**PROBLEM STATEMENT:** Examine each line of the listing below. Copy those in which the string "nunpair" appears.

▬▬▬▬▬▬

(* Let $p$ be an odd prime, $v$ an integer with $1<v<p-1$, $g\in\{2,\dots,p-1\}$ a primitive root modulo $p$, and $t\ge1$. For $z\in\{0,\dots,v-1\}^t$ let $\lambda(z)=\#\{x\in\{0,\dots,p-2\}:\ (g^{x+\iota}\,\%\,p)\,\%\,v=z(\iota)\ \forall\,0\le\iota<t\}$. If $p\ge v\,g^{t-1}$ and $g\ge v$, then $\lambda(z)>0$ for all $z\in\{0,\dots,v-1\}^t$.
   Context: $x\,\%\,m$ denotes the least nonnegative remainder of the integer $x$ modulo $m$. *)

From mathcomp Require Import all_boot.
Set Implicit Arguments. Unset Strict Implicit. Unset Printing Implicit Defensive.

Definition primitive_root_mod (p g : nat) : Prop :=
  coprime g p /\ forall k, 0 < k < p.-1 -> g ^ k %% p != 1.

Arguments primitive_root_mod : clear implicits.
Definition lambda (p v g t : nat) (z : 'I_t -> 'I_v) : nat :=
  #|[set x : 'I_p.-1 | [forall i : 'I_t, (g ^ (x + i) %% p) %% v == z i]]|.
Arguments lambda : clear implicits.

From mathcomp Require Import all_boot zify.

Set Implicit Arguments.
Unset Strict Implicit.
Unset Printing Implicit Defensive.

(* Write g^n y = p D_n + r_n with r_n = g^n y mod p.  Then
   D_(n+1) = g D_n + (g r_n div p) with g r_n div p < g, and r_i = g^i y - p D_i
   mod v, so the residues r_0 mod v, ..., r_n mod v are fixed by y mod v and D_n.
   By induction on n, D_n < g^n can be chosen digit by digit so that they equal
   z(0), ..., z(n): the new digit d < v <= g only has to solve p d = c mod v,
   which is possible as p is coprime to v.  The y with g^(t-1) y div p = D_(t-1)
   fill an interval of length p / g^(t-1) > v inside (0, p), so one of them is
   congruent to z(0) mod v; it is g^x mod p for some x, which lambda(z) counts. *)

Lemma add_pred_mul_mod (v a c : nat) : 0 < v -> a + (c + v.-1 * a) = c %[mod v].
Proof. by move=> v_gt0; rewrite addnCA -mulSn prednK // addnC mulnC modnMDl. Qed.

Lemma coprime_lin_congr (p v a c : nat) : 0 < v -> coprime p v ->
  exists2 d, d < v & a + p * d = c %[mod v].
Proof.
move=> v_gt0 co_pv.
set x := chinese p v 0 (c + v.-1 * a).
have /dvdnP [k x_eq] : p %| x by rewrite /dvdn chinese_modl // mod0n.
exists (k %% v); first by rewrite ltn_mod.
rewrite -modnDmr modnMmr modnDmr mulnC -x_eq -modnDmr chinese_modr // modnDmr.
exact: add_pred_mul_mod.
Qed.

Section PrimitiveRoot.

Variables p g : nat.
Hypotheses (p_pr : prime p) (g_prim : primitive_root_mod p g).

Lemma primitive_root_gt0 : 0 < g.
Proof.
by case: g g_prim => // -[]; rewrite coprime_sym prime_coprime // dvdn0.
Qed.

Lemma coprime_primitive_root_expn x : coprime p (g ^ x).
Proof. by rewrite coprime_sym coprimeXl // g_prim.1. Qed.

Lemma primitive_root_expn_inj a b :
  a < p.-1 -> b < p.-1 -> g ^ a = g ^ b %[mod p] -> a = b.
Proof.
wlog le_ab : a b / a <= b.
  by move=> IH a_lt b_lt eq_ab; case: (leqP a b) => [|/ltnW] le;
    [exact: IH | symmetry; apply: IH].
move=> _ b_lt eq_ab; apply/eqP; rewrite eqn_leq le_ab /=; apply/negP => lt_ab.
have : g ^ (b - a) = 1 %[mod p].
  apply/eqP; rewrite eqn_mod_dvd ?expn_gt0 ?primitive_root_gt0 //.
  rewrite -(Gauss_dvdr _ (coprime_primitive_root_expn a)).
  rewrite mulnBr muln1 -expnD subnKC // -eqn_mod_dvd ?leq_pexp2l ?primitive_root_gt0 //.
  by rewrite eq_ab.
rewrite (modn_small (prime_gt1 p_pr)) => /eqP.
by apply/negP/g_prim.2; lia.
Qed.

Lemma primitive_root_dlog y :
  0 < y < p -> exists2 x, x < p.-1 & g ^ x %% p = y.
Proof.
move=> /andP[y_gt0 y_lt].
have expn_mod_gt0 x : 0 < g ^ x %% p.
  by rewrite lt0n -/(dvdn p _) -prime_coprime ?coprime_primitive_root_expn.
have f_lt (x : 'I_p.-1) : (g ^ x %% p).-1 < p.-1.
  by have := ltn_pmod (g ^ x) (prime_gt0 p_pr); have := expn_mod_gt0 x; lia.
pose f x := Ordinal (f_lt x).
have f_inj : injective f.
  move=> a b /(congr1 val) /= eq_ab.
  apply: val_inj; apply: (primitive_root_expn_inj (ltn_ord a) (ltn_ord b)) => /=.
  by rewrite -(prednK (expn_mod_gt0 a)) -(prednK (expn_mod_gt0 b)) eq_ab.
have y_pred_lt : y.-1 < p.-1 by lia.
have /codomP [x /(congr1 val) /= fx] :=
  inj_card_onto f_inj (leqnn _) (Ordinal y_pred_lt).
exists x => //.
by rewrite -(prednK (expn_mod_gt0 x)) -(prednK y_gt0) fx.
Qed.

End PrimitiveRoot.

Lemma residue_in_div_window (p v G D c : nat) :
  0 < v -> G * v < p -> D < G ->
  exists y, [/\ 0 < y < p, G * y %/ p = D & y = c %[mod v]].
Proof.
move=> v_gt0 Gv_lt D_lt.
have G_gt0 : 0 < G by apply: leq_ltn_trans D_lt.
set k := p * D %/ G.
set y := k.+1 + (c + v.-1 * k.+1) %% v.
have y_lo : p * D < G * y.
  by apply: leq_trans (ltn_ceil _ G_gt0) _; rewrite mulnC leq_mul2l leq_addr orbT.
have y_hi : G * y < p * D.+1.
  have : y <= k + v by have := ltn_pmod (c + v.-1 * k.+1) v_gt0; rewrite /y; lia.
  have := leq_divM (p * D) G.
  rewrite mulnS; nia.
have p_gt0 : 0 < p by apply: leq_ltn_trans Gv_lt.
exists y; split.
- apply/andP; split; first by rewrite /y addSn.
  rewrite -(ltn_pmul2l G_gt0); apply: leq_trans y_hi _.
  by rewrite mulnC leq_mul2r D_lt orbT.
- apply/eqP; rewrite eqn_leq -ltnS ltn_divLR // leq_divRL //.
  by rewrite !(mulnC _ p) y_hi ltnW.
- by rewrite /y modnDmr add_pred_mul_mod.
Qed.

Section PrescribedResidues.

Variables (p v g : nat) (z : nat -> nat).
Hypotheses (v_gt0 : 0 < v) (v_le_g : v <= g) (co_pv : coprime p v).

Lemma prescribed_residues_block n : exists2 D, D < g ^ n &
  forall y, y = z 0 %[mod v] -> g ^ n * y %/ p = D ->
  forall i, i <= n -> g ^ i * y %% p = z i %[mod v].
Proof.
have g_gt0 : 0 < g by apply: leq_trans v_le_g.
elim: n => [|n [D D_lt blockD]].
  exists 0 => // y y_z y_div i; rewrite leqn0 => /eqP -> /=.
  rewrite expn0 mul1n in y_div *.
  by rewrite -y_z {2}(divn_eq y p) y_div mul0n add0n.
have [d d_lt d_congr] :=
  coprime_lin_congr (z n.+1 + p * (D * g)) (g ^ n.+1 * z 0) v_gt0 co_pv.
exists (D * g + d) => [|y y_z y_div i].
  rewrite expnSr; apply: leq_trans (_ : D.+1 * g <= _); first lia.
  by rewrite leq_mul2r D_lt orbT.
rewrite leq_eqVlt ltnS => /orP[/eqP-> | le_in].
  have split_p : g ^ n.+1 * y %% p + p * (D * g + d) = g ^ n.+1 * y.
    by rewrite -y_div addnC mulnC -divn_eq.
  apply/eqP; rewrite -(eqn_modDr (p * (D * g + d))) split_p mulnDr addnA.
  by rewrite d_congr -modnMmr y_z modnMmr.
apply: blockD => //.
rewrite -[LHS](divnMr g_gt0) mulnAC -expnSr divnMA y_div.
by rewrite divnMDl // divn_small ?addn0 // (leq_trans d_lt v_le_g).
Qed.

End PrescribedResidues.

Theorem corollary5 (p v g t : nat) :
  prime p -> odd p -> 1 < v < p.-1 -> 2 <= g <= p.-1 ->
  primitive_root_mod p g -> 1 <= t ->
  v * g ^ t.-1 <= p -> v <= g ->
  forall z : 'I_t -> 'I_v, 0 < lambda p v g t z.
Proof.
move=> p_pr _ /andP[v_gt1 v_lt] _ g_prim _ vG_le v_le_g z.
have v_gt0 : 0 < v by apply: ltnW.
have co_pv : coprime p v.
  by rewrite prime_coprime //; apply: contraTN v_lt => /dvdn_leq; lia.
have Gv_lt : g ^ t.-1 * v < p.
  rewrite ltn_neqAle mulnC vG_le andbT; apply: contraTneq co_pv => <-.
  by rewrite /coprime gcdnC gcdnMr gtn_eqF.
pose zn i := odflt 0 (omap (fun j : 'I_t => val (z j)) (insub i)).
have [D D_lt blockD] := prescribed_residues_block zn v_gt0 v_le_g co_pv t.-1.
have [y [y_range y_div y_z]] := residue_in_div_window (zn 0) v_gt0 Gv_lt D_lt.
have [x x_lt gx] := primitive_root_dlog p_pr g_prim y_range.
rewrite card_gt0; apply/set0Pn; exists (Ordinal x_lt); rewrite inE.
apply/forallP => i /=; rewrite expnD -modnMml gx mulnC.
have i_le : i <= t.-1 by rewrite -ltnS (ltn_predK (ltn_ord i)).
by rewrite (blockD y y_z y_div i i_le) /zn valK /= (modn_small (ltn_ord (z i))).
Qed.
(* Let $X\subseteq\mathbb{R}^n$ be r.e. open and let $f:X\to\mathbb{R}^m$ be computable and open. If the restriction of $\mathrm{Moo}_f$ to $(X\cap\mathbb{Q}^n)\times\mathbb{N}$ is $(\nu^n\times\nu\to\rho_<)$-computable, then $f$ is effectively open.
   Context: $\mathrm{Moo}_f(\vec x,k):=\sup\{s\ge0:\overline{B}(f(\vec x),s)\subseteq f[B(\vec x,2^{-k})\cap X]\}$, with $B,\overline{B}$ the open and closed Euclidean balls. Type-2 computability (Weihrauch): $\nu$ is the standard notation of $\mathbb{N}$ and $\nu^n$ the induced notation of rational vectors; $\rho_<$ represents a real by a sequence of rationals converging to it from below; $\theta^d_<$ represents open subsets of $\mathbb{R}^d$ by lists of rational centers and radii of open balls with union the set. $X$ r.e. open: has a computable $\theta^n_<$-name. $f$ effectively open: $U\mapsto f[U]$ on open $U\subseteq X$ is $(\theta^n_<\to\theta^m_<)$-computable. *)

From HB Require Import structures.
From mathcomp Require Import all_boot all_order all_algebra.
From mathcomp Require Import all_classical all_reals.
From mathcomp Require Import ereal Rstruct.
From Stdlib Require Rdefinitions.
Notation R := Rdefinitions.R.

Set Implicit Arguments. Unset Strict Implicit. Unset Printing Implicit Defensive.
Import Order.TTheory GRing.Theory Num.Theory.
Local Open Scope ring_scope.
Local Open Scope classical_set_scope.

Definition npair (x y : nat) : nat := ((x + y) * (x + y).+1)./2 + y.

(* enumeration of nat*nat along diagonals; inverse of npair *)
Fixpoint nunpair (c : nat) : nat * nat :=
  match c with
  | 0 => (0, 0)
  | c'.+1 => match nunpair c' with
             | (0, y) => (y.+1, 0)
             | (x'.+1, y) => (x', y.+1)
             end
  end.

(* Partial recursive functions relative to an oracle p : nat -> nat.  *)
(* (Kleene basis with pairing; with the oracle this gives exactly the *)
(* Type-2 computable functions on Baire space, total-output case.)    *)
Inductive prog : Type :=
| PZero | PSucc | PId | PFst | PSnd | POracle
| PPair of prog & prog
| PComp of prog & prog
| PRec of prog & prog
| PMu of prog.

Inductive eval (p : nat -> nat) : prog -> nat -> nat -> Prop :=
| eZero x : eval p PZero x 0
| eSucc x : eval p PSucc x x.+1
| eId x : eval p PId x x
| eFst x : eval p PFst x (nunpair x).1
| eSnd x : eval p PSnd x (nunpair x).2
| eOracle x : eval p POracle x (p x)
| ePair f g x a b : eval p f x a -> eval p g x b -> eval p (PPair f g) x (npair a b)
| eComp f g x y z : eval p g x y -> eval p f y z -> eval p (PComp f g) x z
| eRec f g x n y : evrec p f g x n y -> eval p (PRec f g) (npair x n) y
| eMu f x n : eval p f (npair x n) 0 ->
    (forall i, (i < n)%N -> exists v, v <> 0%N /\ eval p f (npair x i) v) ->
    eval p (PMu f) x n
with evrec (p : nat -> nat) : prog -> prog -> nat -> nat -> nat -> Prop :=
| rZero f g x y : eval p f x y -> evrec p f g x 0 y
| rSucc f g x n y z : evrec p f g x n y -> eval p g (npair x (npair n y)) z ->
    evrec p f g x n.+1 z.

Definition computes (e : prog) (p q : nat -> nat) : Prop :=
  forall k, eval p e k (q k).

Definition computable_seq (q : nat -> nat) : Prop :=
  exists e, computes e (fun _ => 0%N) q.

Definition zz (a : nat) : R :=
  if odd a then - (a.+1./2)%:R else (a./2)%:R.

(* every rational number arises (notation of Q, as real numbers) *)
Definition qdec (c : nat) : R :=
  let: (a, b) := nunpair c in zz a / (b.+1)%:R.

Definition qpos (c : nat) : R :=
  let: (a, b) := nunpair c in (a.+1)%:R / (b.+1)%:R.

Fixpoint vcomp (c i : nat) : nat :=
  match i with
  | 0 => (nunpair c).1
  | i'.+1 => vcomp (nunpair c).2 i'
  end.

Definition vdec (n : nat) (c : nat) : 'I_n -> R := fun i => qdec (vcomp c i).
Arguments vdec : clear implicits.

Definition edist (n : nat) (x y : 'I_n -> R) : R :=
  Num.sqrt (\sum_(i < n) (x i - y i) ^+ 2).

Definition eball (n : nat) (x : 'I_n -> R) (r : R) : set ('I_n -> R) :=
  [set y | edist x y < r].
Definition ecball (n : nat) (x : 'I_n -> R) (r : R) : set ('I_n -> R) :=
  [set y | edist x y <= r].

Definition eopen (n : nat) (U : set ('I_n -> R)) : Prop :=
  forall x, U x -> exists2 r : R, 0 < r & eball x r `<=` U.

Definition rhon_name (n : nat) (p : nat -> nat) (x : 'I_n -> R) : Prop :=
  forall k, edist (vdec n (p k)) x <= 2 ^- k.

(* theta^n_< : p lists rational balls (code 0 = no ball) whose union is U *)
Definition bdec (n : nat) (c : nat) : set ('I_n -> R) :=
  match c with
  | 0 => set0
  | c'.+1 => eball (vdec n (nunpair c').1) (qpos (nunpair c').2)
  end.
Arguments bdec : clear implicits.

Definition theta_name (n : nat) (p : nat -> nat) (U : set ('I_n -> R)) : Prop :=
  forall x, U x <-> exists k, bdec n (p k) x.

(* rho_< : rationals approximating v from below, with supremum v
   (extended to v = +oo as unbounded sequences) *)
Definition rholt_name (q : nat -> nat) (v : \bar R) : Prop :=
  (forall j, ((qdec (q j))%:E <= v)%E) /\
  (forall t : R, (t%:E < v)%E -> exists j, t < qdec (q j)).

Definition Moo (n m : nat) (X : set ('I_n -> R)) (f : ('I_n -> R) -> ('I_m -> R))
  (x : 'I_n -> R) (k : nat) : \bar R :=
  ereal_sup (@EFin R @`
    [set s : R | 0 <= s /\ ecball (f x) s `<=` f @` (eball x (2 ^- k) `&` X)]).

▬▬▬▬▬▬

**TASK SOLUTION:**
Fixpoint nunpair (c : nat) : nat * nat :=
  | c'.+1 => match nunpair c' with
| eFst x : eval p PFst x (nunpair x).1
| eSnd x : eval p PSnd x (nunpair x).2
  let: (a, b) := nunpair c in zz a / (b.+1)%:R.
  let: (a, b) := nunpair c in (a.+1)%:R / (b.+1)%:R.
  | 0 => (nunpair c).1
  | i'.+1 => vcomp (nunpair c).2 i'
  | c'.+1 => eball (vdec n (nunpair c').1) (qpos (nunpair c').2)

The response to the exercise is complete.